米国で失敗をした株式会社の医療参入をどうして日本で今議論をされているのでしょうか?

その理由の一つは小泉内閣が設立した「総合規制改革会議」にあると考えられます。「 総合規制改革会議」は,「ビジネスチャンスの拡大」が規制改革の目的の1つであることを明言しており,医療に関しても,産業界が進出する道を拓くことをその目的とし、医療に参入する事により一儲けをしたい企業の魂胆が見え隠れします。ご承知の如く会議の議長に「病院経営への株式会社参入を認めよ」と以前から強く主張している人物を据える一方で,委員には医療界の人間は1人も入れず,この会議の目的は初めから産業界の意向を一方的に反映させることにあったと言われても仕方はない構造になっています。医療の本質が議論をされずに金儲けの道具と考えて推進をしている会議は本当に嘆かわしい限りです。

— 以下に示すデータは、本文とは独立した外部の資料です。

(* The monoid variety $\mathbf A_0^1\vee\mathbb M_\lambda(ata^+)$ satisfies an identity $\mathbf u\approx\mathbf v$ if and only if all of the following hold: (a) $\mathrm{simp}(\mathbf u)=\mathrm{simp}(\mathbf v)$ and $\mathrm{mul}(\mathbf u)=\mathrm{mul}(\mathbf v)$; (b) for all letters $x,y$ occurring in $\mathbf u$, the first occurrence of $x$ precedes the last occurrence of $y$ in $\mathbf u$ if and only if the first occurrence of $x$ precedes the last occurrence of $y$ in $\mathbf v$; (c) for every $t\in\mathrm{simp}(\mathbf u)$ and $x\in\mathrm{mul}(\mathbf u)$, the occurrence of $t$ precedes the first occurrence of $x$ in $\mathbf u$ iff it does so in $\mathbf v$, and the occurrence of $t$ precedes the second occurrence of $x$ in $\mathbf u$ iff it does so in $\mathbf v$.
   Context: Words are elements of the free monoid $\mathfrak A^*$ over a countably infinite alphabet; $\mathrm{simp}(\mathbf w)$ and $\mathrm{mul}(\mathbf w)$ are the sets of letters occurring exactly once, respectively at least twice, in $\mathbf w$. $A_0=\langle e,f\mid e^2=e,\ f^2=f,\ fe=0\rangle=\{e,f,ef,0\}$, $A_0^1$ is $A_0$ with an identity adjoined, and $\mathbf A_0^1$ is the monoid variety it generates. Let $\tau_1$ be the congruence on $\mathfrak A^*$ generated by $a=aa$ for letters $a$; $\mathbf u\,\lambda\,\mathbf v$ iff $\mathbf u\,\tau_1\,\mathbf v$, $\mathrm{mul}(\mathbf u)=\mathrm{mul}(\mathbf v)$, and for each multiple letter its first two occurrences are adjacent in $\mathbf u$ iff adjacent in $\mathbf v$. For $\lambda$-classes, $\mathtt v\le\mathtt u$ iff $\mathtt u=\mathtt p\mathtt v\mathtt s$ in $\mathfrak A^*/\lambda$; for a set $\mathtt W$ of classes, $M_\lambda(\mathtt W)$ is the Rees quotient of $\mathfrak A^*/\lambda$ by the ideal of classes not $\le$ any element of $\mathtt W$, and $\mathbb M_\lambda(\mathtt W)$ the variety it generates. $ata^+$ denotes the $\lambda$-class $\{ata^k:k\ge1\}$. $\vee$ is the join of varieties. *)

From mathcomp Require Import all_boot.
Set Implicit Arguments. Unset Strict Implicit. Unset Printing Implicit Defensive.

Notation word := (seq nat).

Definition simple_in (x : nat) (w : word) : bool := count_mem x w == 1.
Definition mult_in (x : nat) (w : word) : bool := 1 < count_mem x w.

Definition first_occ (x : nat) (w : word) : nat := index x w.
Definition second_occ (x : nat) (w : word) : nat :=
  (index x w).+1 + index x (drop (index x w).+1 w).
Definition last_occ (x : nat) (w : word) : nat := (size w).-1 - index x (rev w).

(* ---------- monoids presented as setoids (to allow quotients) ---------- *)
Record smonoid := SMonoid {
  carrier :> Type;
  meqv : carrier -> carrier -> Prop;
  mop : carrier -> carrier -> carrier;
  mone : carrier }.

Definition evalw (M : smonoid) (th : nat -> M) (w : word) : M :=
  foldr (fun x acc => mop (th x) acc) (mone M) w.

Definition satisfies (M : smonoid) (u v : word) : Prop :=
  forall th : nat -> M, meqv (evalw th u) (evalw th v).

(* The join V(M1) \/ V(M2) of the varieties generated by M1, M2: its
   equational theory is the intersection of the theories of M1 and M2. *)
Definition join_satisfies (M1 M2 : smonoid) (u v : word) : Prop :=
  satisfies M1 u v /\ satisfies M2 u v.

(* ---------- A_0^1 = {1, e, f, ef, 0} with e^2=e, f^2=f, fe=0 ---------- *)
Inductive A01 := A1 | Ae | Af | Aef | A0.

Definition A01_mul (x y : A01) : A01 :=
  match x, y with
  | A1, z => z
  | z, A1 => z
  | A0, _ => A0
  | _, A0 => A0
  | Ae, Ae => Ae
  | Ae, Af => Aef
  | Ae, Aef => Aef
  | Af, Ae => A0
  | Af, Af => Af
  | Af, Aef => A0
  | Aef, Ae => A0
  | Aef, Af => Aef
  | Aef, Aef => A0
  end.

Definition A0_1 : smonoid := @SMonoid A01 eq A01_mul A1.

Inductive tau1 : word -> word -> Prop :=
| tau1_refl w : tau1 w w
| tau1_sym u v : tau1 u v -> tau1 v u
| tau1_trans u v w : tau1 u v -> tau1 v w -> tau1 u w
| tau1_step p a s : tau1 (p ++ a :: s) (p ++ a :: a :: s).

Definition first_two_adj (x : nat) (w : word) : bool :=
  nth x.+1 w (index x w).+1 == x.

Definition lam (u v : word) : Prop :=
  [/\ tau1 u v,
      (forall x, mult_in x u = mult_in x v) &
      (forall x, mult_in x u -> first_two_adj x u = first_two_adj x v)].

Definition lam_le (v u : word) : Prop := exists p s, lam (p ++ v ++ s) u.

(* Rees quotient of A^*/lambda by the ideal of classes not <= any element
   of W (W given by representatives).  Elements: Some w (the class of w)
   and None (zero); classes in the ideal are identified with zero. *)
Definition in_ideal (W : word -> Prop) (w : word) : Prop :=
  ~ exists r, W r /\ lam_le w r.

Definition Mlam_eqv (W : word -> Prop) (x y : option word) : Prop :=
  let z o := match o with None => True | Some w => in_ideal W w end in
  (z x /\ z y) \/
  (exists a b, x = Some a /\ y = Some b /\ ~ in_ideal W a /\ lam a b).

Definition Mlam_mul (x y : option word) : option word :=
  match x, y with Some a, Some b => Some (a ++ b) | _, _ => None end.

医療の質を良くし、高齢化社会による医療費の増加にどの様に対応をするかは医療政策、制度の問題であり、世界に冠たる皆保険制度を維持しつつ、出来るだけ医療費の負担が少なくなるような制度を再構築する事が必要と考えます。医療への株式会社参入が医療の質、国民の選択の拡大、医療費の削減に繋がると言う議論は医療の本質を離れた本末転倒な議論であります。国民の健康に責任を有する指導者は医療の本質に対して十分な識見を持って臨むべきと考え、この度の小泉内閣による株式会社参入による医療への参入に対して強く反対を唱えるものであります。